Mindi Abair ’91
“It was a crazy thing to see Herbie Hancock’s album under mine on that chart,” says saxophonist Mindi Abair. “I just about fell over.” The chart she refers to is the Billboard contemporary jazz chart where her third and latest Verve/GRP album, Life Less Ordinary, entered in the number one spot.
It’s one more reason why last year was indeed “less ordinary” for Abair. In addition to solidifying her status as a staple of smooth jazz and contemporary adult radio stations and logging thousands of miles for appearances at festivals, clubs, theaters, and music cruises to support the new disc, Abair married composer Jason Steele. “The material on the CD reflects the things I felt last year,” she says. “I wrote ‘Rain’ for the victims of Hurricane Katrina and ‘The Joint’ for the old funky clubs I used to play in Boston. In the love songs, I found that I thought differently about love after getting married.”
Abair has arrived at this phase in her career through hard work, some luck, and a few fortuitous encounters. After earning her degree in performance at Berklee, the St. Petersburg, Florida, native set her sights on Los Angeles. She packed her things in her Honda and headed west.
She had no contacts or gigs lined up in Los Angeles. To pay the rent, Abair worked as a waitress and took other odd jobs. “But all I wanted to do was play,” she says. “I went to clubs to sit in, but it’s hard in L.A. just as it is anywhere. So I started playing a cappella saxophone on the street in Santa Monica. Musicians generally play in places like clubs or theaters where the people aren’t so close and there’s not a crazed person dancing around in front of you or rolling on the ground. As odd as the experience was, it did teach me a lot.”

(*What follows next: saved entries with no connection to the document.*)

(* Let $q\not\equiv0\pmod3$, $\mu\in\mathbb{F}_q$, and let $\ell_\mu$ be the line through $\mathbf{P}(0,\mu,0,1)$ and $\mathbf{P}(1,0,1,0)$. Then: (i) $\ell_\mu$ is an imaginary axis if and only if $q$ is odd, $q\equiv-1\pmod3$ and $\mu=1/9$; (ii) $\ell_\mu$ is a real axis if and only if $q$ is odd, $q\equiv1\pmod3$ and $\mu=1/9$.
   Context: Points of $\mathrm{PG}(3,q)$ are written $\mathbf{P}(x_0,x_1,x_2,x_3)$ over $\mathbb{F}_q$. For $t$ in $\mathbb{F}_q$ or $\mathbb{F}_{q^2}$ the osculating plane $\pi_{osc}(t)$ of the twisted cubic $\{\mathbf{P}(t^3,t^2,t,1)\}\cup\{\mathbf{P}(1,0,0,0)\}$ is the plane $x_0-3tx_1+3t^2x_2-t^3x_3=0$, and $\pi_{osc}(\infty)$ is $x_3=0$. A real axis is a line $\pi_{osc}(t_1)\cap\pi_{osc}(t_2)$ with $t_1\ne t_2$ in $\mathbb{F}_q\cup\{\infty\}$; an imaginary axis is a line of $\mathrm{PG}(3,q)$ of the form $\pi_{osc}(t_1)\cap\pi_{osc}(t_2)$ with $t_1,t_2=t_1^q\in\mathbb{F}_{q^2}\setminus\mathbb{F}_q$. *)

From HB Require Import structures.
From mathcomp Require Import all_boot all_order all_algebra all_field.
Set Implicit Arguments. Unset Strict Implicit. Unset Printing Implicit Defensive.
Import GRing.Theory.
Local Open Scope ring_scope.

(* Vectors of K^4 representing points P(x0,x1,x2,x3) of PG(3,K). *)
Definition pt {K : fieldType} (a b c d : K) : 'rV[K]_4 :=
  \row_(i < 4) [:: a; b; c; d]`_i.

Beyond the sheer novelty of playing on Santa Monica’s Third Street Promenade, Abair made an important connection there. “Bobby Lyle, a veteran jazz pianist, came up one night and told me he’d hire me someday,” says Abair. “I was a huge fan of his music. He took my card, and sure enough, he called me. I toured off and on with his band for five or six years going across the country and to Japan and Korea. He’d often tell the story of finding me playing on the street. At first it was embarrassing, but later I felt it to be a badge of honor.”
After the transition from the street to the road, Abair got to know more musicians and other doors opened. “I started hiring really good musicians I’d met around town for gigs that ranged from playing my original music to doing weddings,” she says. “Some of the must unlikely gigs led to other things.” At a wedding where several musicians, including fellow saxophonist Dave Koz, happened to be among the guests, Abair stood out. A few weeks later, when Adam Sandler was looking for a singer and sax player, a wedding guest told Sandler to call her. The Backstreet Boys, who were seeking someone to play percussion, keyboards, and saxophone, also got a recommendation about Abair’s work. She was on the road with the Boys three days later.
“I did their Millennium tour,” Abair says. “While some snooty musicians looked down on that, to me it was a life experience. How often do you get to go on the road with a band playing in front of 60,000 people a night? They would have me play a long solo whenever the singers had a clothes change. That tour was when I learned that every time you play, it doesn’t always have to be serious or about playing the hippest substitutions. Sometimes it’s just about having a good time.”
Another encounter led to Abair’s recording contract with Verve. “I played a New Year’s Eve party with Jonathan Butler,” she recalls. “Bud Harner, the A&R man for Verve, was there and later called me saying he was interested in doing a record. I told him that when I finished the Backstreet Boys’ tour and I got a few tunes done, I’d get in touch. A few weeks after I’d sent him the music, we had a meeting, and I got signed. A few months later, I had an album out.”
Harner has been the executive producer for all three of Abair’s Verve records. Abair called on Matthew Hager ’91, one of her closest friends at Berklee, to cowrite and produce the records. “Matthew and I had played in a progressive rock band back in Boston,” Abair says. “He never thought that he’d be pulled into my pop-meets-jazz world. Some of the friends you meet in college end up being those you build your career with. It’s been special to have this partnership from college into my professional life.”
While in the past Abair backed such artists as Mandy Moore, Lee Ritenour, Keb’ Mo’, the Backstreet Boys, and Jonathan Butler, now she does the hiring and draws legendary session musicians to play on her albums (visit www.mindiabair.com for more details).
These days, fronting her own band and creating her own music on a big label is the bomb. “It’s been great that Verve has allowed me to be myself and sing as well as play sax. They let me take some chances that other labels might not let me take. I get radio play on smooth-jazz stations, but my vocal songs get played on adult contemporary stations. All I ever dreamed about was being an artist and doing my own music. Whenever I hear something that I wrote on the radio, I get geeked every time.”